Upon this exception the case came up to this Court.
MR. JUSTICE GRIER delivered the opinion of the Court.
The plaintiff in error was plaintiff below in an action of trespass, charging the defendants with tearing down and destroying his mill dam. The defendants pleaded in justification that the Berkshire Woolen Company owned mills above the dam of plaintiff, who illegally erected and maintained the same so as to injure the mills above; that by direction of said company and as their agents and servants, they did enter plaintiff's close and did break down and demolish so much of the plaintiff's dam as was necessary to remove the nuisance and injury to the mills above, and no more, and as they lawfully might. To this plea the plaintiff replied de injuria &c.

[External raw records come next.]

(* Let $\mathbb{F}=\mathbb{F}_{q^m}$, let $k\ge 1$, and let $(x_1,y_1),\dots,(x_r,y_r)\in\mathbb{F}\times\mathbb{F}$ be linearly independent over $\mathbb{F}_q$. Run the following procedure. Initialize $f_0(x,y)=x$, $f_1(x,y)=y$. For $i=1,\dots,r$: set $\Delta_0=f_0(x_i,y_i)$, $\Delta_1=f_1(x_i,y_i)$; if $\Delta_0=0$, replace $f_1$ by $f_1^q-\Delta_1^{q-1}f_1$; else if $\Delta_1=0$, replace $f_0$ by $f_0^q-\Delta_0^{q-1}f_0$; else, if $\deg_{1,k-1}(f_0)\le\deg_{1,k-1}(f_1)$, simultaneously replace $f_1$ by $\Delta_1 f_0-\Delta_0 f_1$ and $f_0$ by $f_0^q-\Delta_0^{q-1}f_0$; otherwise simultaneously replace $f_0$ by $\Delta_1 f_0-\Delta_0 f_1$ and $f_1$ by $f_1^q-\Delta_1^{q-1}f_1$ (in each simultaneous update, the right-hand sides use the values of $f_0,f_1$ before the update). Then the final polynomials $f_0$ and $f_1$ are, respectively, $x$-minimal and $y$-minimal with respect to the set $\{(x_i,y_i)\}_{i=1}^r$.
   Context: A bivariate linearized polynomial over $\mathbb{F}$ is $f(x,y)=f_x(x)+f_y(y)$ with $f_x(x)=\sum_i a_i x^{q^i}$, $f_y(y)=\sum_j b_j y^{q^j}$, $a_i,b_j\in\mathbb{F}$; its monomials are $x^{[i]}=x^{q^i}$ and $y^{[j]}=y^{q^j}$. $f^q$ denotes $(f(x,y))^q$, again a bivariate linearized polynomial. If $f_x\not\equiv0$ has degree $q^{d_x(f)}$ and $f_y\not\equiv0$ has degree $q^{d_y(f)}$, the $(1,k-1)$-weighted degree is $\deg_{1,k-1}(f)=\max\{d_x(f),k-1+d_y(f)\}$ (omitting a term whose part is identically zero). Monomials are totally ordered by weight, where $x^{[i]}$ has weight $i$ and $y^{[j]}$ has weight $k-1+j$, with ties broken by declaring $x^{[i]}$ smaller than $y^{[j]}$ when their weights are equal. The leading term $\mathrm{lt}(f)$ of a nonzero $f$ is its largest monomial (with nonzero coefficient) in this order. A nonzero bivariate linearized polynomial $f$ is $x$-minimal with respect to a finite set of points $P\subset\mathbb{F}\times\mathbb{F}$ if $f$ vanishes at all points of $P$, $\mathrm{lt}(f)$ is of the form $x^{[d]}$, and no nonzero bivariate linearized polynomial $g$ vanishing on $P$ with $\mathrm{lt}(g)$ of the form $x^{[e]}$ has $\mathrm{lt}(g)$ strictly smaller than $\mathrm{lt}(f)$. $y$-minimal is defined identically with leading terms of the form $y^{[j]}$. *)

From HB Require Import structures.
From mathcomp Require Import all_boot all_order all_algebra all_field.
Set Implicit Arguments. Unset Strict Implicit. Unset Printing Implicit Defensive.
Import GRing.Theory.
Local Open Scope ring_scope.

(* A bivariate linearized polynomial f(x,y) = f_x(x) + f_y(y) over F,
   f_x = sum_i a_i x^{q^i}, f_y = sum_j b_j y^{q^j}, is represented by the
   pair of "q-associate" coefficient polynomials (A, B) with A`_i = a_i and
   B`_j = b_j. *)
Record blin (F : fieldType) := BLin { blx : {poly F}; bly : {poly F} }.

Section BLin.
Variables (F : fieldType) (q k : nat).

Definition blin_eval (f : blin F) (x0 y0 : F) : F :=
  \sum_(i < size (blx f)) (blx f)`_i * x0 ^+ (q ^ i)%N
  + \sum_(j < size (bly f)) (bly f)`_j * y0 ^+ (q ^ j)%N.

Definition blin_zero (f : blin F) : bool := (blx f == 0) && (bly f == 0).

Definition blin_scale (c : F) (f : blin F) : blin F :=
  BLin (c *: blx f) (c *: bly f).

Definition blin_sub (f g : blin F) : blin F :=
  BLin (blx f - blx g) (bly f - bly g).

(* f^q: (sum a_i x^{q^i})^q = sum a_i^q x^{q^{i+1}} (F has characteristic p
   and q is a power of p). *)
Definition blin_frob (f : blin F) : blin F :=
  BLin (map_poly (fun a => a ^+ q) (blx f) * 'X)
       (map_poly (fun a => a ^+ q) (bly f) * 'X).

Definition wdeg (f : blin F) : nat :=
  maxn (if blx f != 0 then (size (blx f)).-1 else 0%N)
       (if bly f != 0 then (k - 1 + (size (bly f)).-1)%N else 0%N).

(* monomials: inl i = x^[i], inr j = y^[j] *)
Definition mono := (nat + nat)%type.

Definition mweight (mo : mono) : nat :=
  match mo with inl i => i | inr j => (k - 1 + j)%N end.

Definition mono_lt (a b : mono) : bool :=
  (mweight a < mweight b)%N ||
  ((mweight a == mweight b) && match a, b with inl _, inr _ => true | _, _ => false end).

Definition mono_le (a b : mono) : bool := (a == b) || mono_lt a b.

Definition mcoef (f : blin F) (mo : mono) : F :=
  match mo with inl i => (blx f)`_i | inr j => (bly f)`_j end.

Definition is_lt (f : blin F) (mo : mono) : Prop :=
  mcoef f mo != 0 /\ forall mo', mcoef f mo' != 0 -> mono_le mo' mo.

Definition vanishes_on (r : nat) (P : 'I_r -> F * F) (f : blin F) : Prop :=
  forall i, blin_eval f (P i).1 (P i).2 = 0.
(* Let $(M,g)$ be a 5-dimensional Lorentzian manifold, $p\in M$, and suppose the Weyl tensor at $p$ is of primary alignment type II, with respect to a null frame $(\ell,n,m_3,m_4,m_5)$ in which all positive boost weight Weyl components vanish and the boost weight $0$ components are not all zero. With $w_i=\tfrac12\varepsilon_{ijk}C_{01jk}$, $H_{ij}=\sum_kC_{kikj}$, $R=\sum_iH_{ii}$, $S_{ij}=H_{ij}-\tfrac13R\delta_{ij}$, choose the $m_i$ so that $S=\mathrm{diag}(S_3,S_4,S_5)$ and put $R_i=S_i+\tfrac13 R$. Define $$M=\begin{bmatrix}-\tfrac{R_3}{2}&-\tfrac{w_5}{2}&\tfrac{w_4}{2}\\ \tfrac{w_5}{2}&-\tfrac{R_4}{2}&-\tfrac{w_3}{2}\\ -\tfrac{w_4}{2}&\tfrac{w_3}{2}&-\tfrac{R_5}{2}\end{bmatrix},\qquad \Omega=\begin{bmatrix}\tfrac R2&-w_3&-w_4&-w_5\\ w_3&\tfrac R2-R_3&0&0\\ w_4&0&\tfrac R2-R_4&0\\ w_5&0&0&\tfrac R2-R_5\end{bmatrix}.$$ If $\Omega$ has a single eigenvalue of algebraic multiplicity $4$, then either the Weyl operator $\mathsf C:F^{ab}\mapsto\tfrac12C^{ab}{}_{cd}F^{cd}$ on $\wedge^2T_pM$ is nilpotent, or the characteristic polynomial of $M$ has a pair of non-real complex conjugate roots.
   Context: A null frame $(\ell,n,m_i)$, $i=3,4,5$, consists of null vectors $\ell,n$ with $g(\ell,n)=1$ and orthonormal spacelike $m_i$ orthogonal to $\ell,n$; frame index $0$ refers to $\ell$, $1$ to $n$, and $i,j,k\in\{3,4,5\}$ to the $m_i$; the boost weight of a component is the number of $0$-indices minus the number of $1$-indices. $\varepsilon_{ijk}$ is the sign of the permutation $(ijk)$ of $(345)$. *)

From HB Require Import structures.
From mathcomp Require Import all_boot all_order all_algebra.
From mathcomp Require Import reals.
From mathcomp.real_closed Require Export complex.
Set Implicit Arguments. Unset Strict Implicit. Unset Printing Implicit Defensive.
Import Order.TTheory GRing.Theory Num.Theory.
Local Open Scope ring_scope.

On the trial of this issue, the defendants
"claimed the right to begin and offer their evidence first, and open and close the argument. The plaintiff claimed the same right. The court ruled in favor of the defendants, to which the plaintiff excepted."
This ruling of the court is now alleged as error.
Our attention has been pointed to numerous decisions of English and American courts on this subject which we think it unnecessary to notice more particularly than to state that the question whether a defendant in trespass who pleads a plea in justification only has a right to begin and conclude has been differently decided in different courts. It is question of practice only, and depends on the peculiar rules of practice which the court may adopt. The English courts have regretted that an objection to the ruling of the court at nisi prius on this question should ever have been permitted to be received as a ground for a new trial. But although a court may sometimes grant a new trial where the judge has not accorded to a party certain rights to which, by the rules of practice of the court, he may be justly entitled, we are of opinion that the ruling of the court below on such a point is not the proper subject of a bill of exceptions or a writ of error. A question as to the order in which counsel shall address the jury does not affect the merits of the controversy. As a matter of practice, the circuit court of Massachusetts had a right to makes its own rules. The record does not show that the rule of the court is different from their judgment on this occasion. So that the plaintiff has failed to show any error in the decision, assuming it to be a proper subject of exception.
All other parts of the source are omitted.